Only one of those works: not filtering extremes, and I have no idea why and what the implications are here."""

In [2]:
import pickle 
os.chdir('/home/sc2pg/src/prnd/publicrd/data/prd/RND Topic Modelling') 

In [3]:
top_docs_per_method=600
file_path=('lda_data_stanford_lemma.sav')

In [4]:
# function slightly modified from https://nlpforhackers.io/topic-modeling/

def print_topics(model, vectorizer, top_n=10):
    for idx, topic in enumerate(model.components_):  # loop through each row of H.  idx = row index.  topic = actual row
        print("\nTopic %d:" % (idx))
        #print([(vectorizer.get_feature_names()[i], topic[i])  # printing out words corresponding to indices found in next line
                        #for i in topic.argsort()[:-top_n - 1:-1]])  # finding indices of top words in topic
            
        print_list = [(vectorizer.get_feature_names()[i], topic[i])  
                        for i in topic.argsort()[:-top_n - 1:-1]]
        for item in print_list:
            print(item)
            
def list_topics(model, vectorizer, top_n=10):

    #input. top_n: how many words to list per topic.  If -1, then list all words.
       
    topic_words = []
    
    for idx, topic in enumerate(model.components_):  # loop through each row of H.  idx = row index.  topic = actual row
        #print("\nTopic %d:" % (idx))
        #print([(vectorizer.get_feature_names()[i], topic[i])  # printing out words corresponding to indices found in next line
                        #for i in topic.argsort()[:-top_n - 1:-1]])  # finding indices of top words in topic
            
        if top_n == -1:   
            topic_words.append([vectorizer.get_feature_names()[i] for i in topic.argsort()[::-1]])
        else:
            topic_words.append([vectorizer.get_feature_names()[i] for i in topic.argsort()[:-top_n - 1:-1]])
        
    return topic_words
        

In [5]:

f = open(file_path, 'rb')

[og_corpus, og_id2word, docs] = pickle.load(f)
f.close()

# corpus - word frequency in docs
# id2word - dictionary
# docs - lemmatized abstracts


In [6]:
docs = docs.loc[docs.apply(lambda x: len(x)>0)] #No duplicates removed here
docs=docs.reset_index(drop=True)
docs

0         [project, explore, game, base, metaphor, enhan...
1         [institution, science, museum, pi, steve, proj...
2         [program, small, group, conversation, citizen,...
3         [partnership, american, chemical, society, acs...
4         [amphibian, population, world, experience, dec...
                                ...                        
543409    [establish, administration_children_families, ...
543410    [mix, method, study, seek, deepen, understandi...
543411    [purpose, project, examine, long_term, effect,...
543412    [child, care, development, block, grant, ccdbg...
543413    [goal, study, understand, use, positive, behav...
Name: final_tokens, Length: 543414, dtype: object

In [7]:
# input needed for doc-term matrix creation is one string per document (not a list of strings). 
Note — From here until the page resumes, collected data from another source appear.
Lemma section_correctionP n (t : N -> M) y : W n (f (t y) - y) ->
  B n (section_correction n t y) /\ W n.+1 (f (t y + section_correction n t y) - y).
Proof.
move=> /(submod_subC (W_submod n)) [x Bx fx].
suff corr_ex : exists x, B n x /\ W n.+1 (f (t y + x) - y) by exact: (xgetPex 0 corr_ex).
exists x; split=> //.
by rewrite linearD fx [f (t y) + _]addrC subrK subrr; apply: submod0.
Qed.

Fixpoint approx_section n : N -> M :=
  if n is n'.+1 then fun y => approx_section n' y + section_correction n' (approx_section n') y
  else fun=> 0.

Lemma approx_sectionP n :
  (forall y, W n (f (approx_section n y) - y)) /\
  (forall y z, W n (z - y) -> approx_section n z = approx_section n y).
Proof.
elim: n => [|n [s_close s_local]]; first by rewrite fB0.
split=> [y|y z Wzy]; first exact: (section_correctionP (s_close y)).2.
have [_ _ fB_dec _] := fB_basis.
have sz := s_local y z (fB_dec n _ Wzy); rewrite /= sz.
congr (_ + xget 0 _); apply/funext => x; apply/propext; rewrite sz.
have congr_zy a := submod_sub_congrr (W_submod n.+1) (x := a) Wzy.
by split=> -[Bx Wx]; split=> //; apply/(congr_zy _).
Qed.

Lemma approx_section_step n y : B n (approx_section n.+1 y - approx_section n y).
Proof.
rewrite /= addrC addKr.
exact: (section_correctionP ((approx_sectionP n).1 y)).1.
Qed.

Definition cont_section y := xget 0 (fun x => forall n, B n (x - approx_section n y)).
docs=docs[0:100] #A subset of the docs
text = []
i=0
for doc in docs:
    text.append(" ".join(doc))


In [14]:
#Sample model
num_topics=4
keep_only_most_common=int(len(docs)/2)
vectorizer = TfidfVectorizer(max_df=0.4, min_df=3, lowercase=False, max_features=keep_only_most_common)
doc_term_matrix = vectorizer.fit_transform(text)
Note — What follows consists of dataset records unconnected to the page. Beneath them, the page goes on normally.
Lemma is_RInt_gen_tan_subst (f G g : R -> R) (c L : R) :
  (forall s, f s = c * (/ cos s) ^ 2 * g (c * tan s)) ->
  (forall t, is_derive G t (g t)) ->
  (forall t, continuous g t) ->
  filterlim G (Rbar_locally (Rbar_mult c p_infty)) (locally L) ->
  is_RInt_gen f (at_point 0) (at_left (PI / 2)) (L - G 0).
Proof.
  intros Hf HG Hg HL.
  assert (Hcos : forall s, 0 <= s < PI / 2 -> cos s <> 0).
  { intros s Hs; pose proof PI_RGT_0; apply Rgt_not_eq, cos_gt_0; lra. }
  replace (G 0) with (G (c * tan 0)) by now rewrite tan_0, Rmult_0_r.
  apply (is_RInt_gen_at_left_primitive (fun s => G (c * tan s))).
  - pose proof PI_RGT_0; lra.
  - intros s Hs; rewrite Hf.
    apply (is_derive_comp G (fun s => c * tan s)); [apply HG|].
    apply is_derive_scal, is_derive_tan_sec, Hcos, Hs.
  - intros s Hs; apply (continuous_ext (fun s => mult (c * (/ cos s) ^ 2) (g (c * tan s))));
      [intros; symmetry; apply Hf|].
    apply (continuous_mult (K := R_AbsRing) (fun s => c * (/ cos s) ^ 2) (fun s => g (c * tan s))).
    + apply ex_derive_continuous_R; auto_derive; apply Hcos, Hs.
    + apply continuous_comp; [|apply Hg].
      apply ex_derive_continuous_R; exists (c * (/ cos s) ^ 2); apply is_derive_scal, is_derive_tan_sec, Hcos, Hs.
  - exact (filterlim_comp _ _ _ _ G _ _ _ (filterlim_scal_tan_at_left_PI2 c) HL).
Qed.

Lemma Rbar_mult_pos_p_infty (c : R) : 0 < c -> Rbar_mult c p_infty = p_infty.
Proof.
  intros Hc; unfold Rbar_mult, Rbar_mult'; destruct (Rle_dec 0 c) as [H|H]; [|exfalso; lra].
  destruct (Rle_lt_or_eq_dec 0 c H); [reflexivity|exfalso; lra].
Qed.

Lemma Rbar_mult_neg_p_infty (c : R) : c < 0 -> Rbar_mult c p_infty = m_infty.
Proof. intros Hc; unfold Rbar_mult, Rbar_mult'; destruct (Rle_dec 0 c); [exfalso; lra|reflexivity]. Qed.

Lemma filterlim_exp_opp_p_infty :
  filterlim (fun t => exp (- t)) (Rbar_locally p_infty) (locally 0).
Proof.
  apply (filterlim_comp _ _ _ Ropp exp _ (Rbar_locally m_infty)).
  - exact (is_lim_opp _ _ _ (is_lim_id p_infty)).
  - exact is_lim_exp_m.
Qed.

Definition rt_integrand (y s : R) : R := exp (- (y ^ 2 * tan s)) * y ^ 2 * (/ cos s) ^ 2.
nmf_model = NMF(n_components=num_topics, random_state = i)
nmf_model.fit_transform(doc_term_matrix)

# create list of topics
topics = list_topics(nmf_model, vectorizer, top_n=10)

In [15]:
#Using pickled corpus/id2word
# calculate coherence
cm = CoherenceModel(topics=topics, 
                    corpus=og_corpus,
                    dictionary=og_id2word,
                    texts=docs, 
                    coherence='c_v', 
                    processes=20) #window_size=500 ) 
print(cm)

KeyError: 'learning'

In [16]:
#Using new dictionary generated just from the subset of docs, but filtering extremes
id2word = gensim.corpora.Dictionary(docs)
keep_only_most_common=int(len(docs)/2) #LDA works best with less features than documents
id2word.filter_extremes(no_below=3, no_above=0.4, keep_n=keep_only_most_common)
corpus = [id2word.doc2bow(doc) for doc in docs]

cm = CoherenceModel(topics=topics, 
                    corpus=corpus,
                    dictionary=id2word,
                    texts=docs, 
                    coherence='c_v', 
                    processes=20) #window_size=500 ) 
print(cm)

KeyError: 'teacher'

In [17]:
#Using new dictionary generated just from the subset of docs, but filtering extremes
id2word = gensim.corpora.Dictionary(docs)
keep_only_most_common=int(len(docs)/2) #LDA works best with less features than documents
#id2word.filter_extremes(no_below=3, no_above=0.4, keep_n=keep_only_most_common)
corpus = [id2word.doc2bow(doc) for doc in docs]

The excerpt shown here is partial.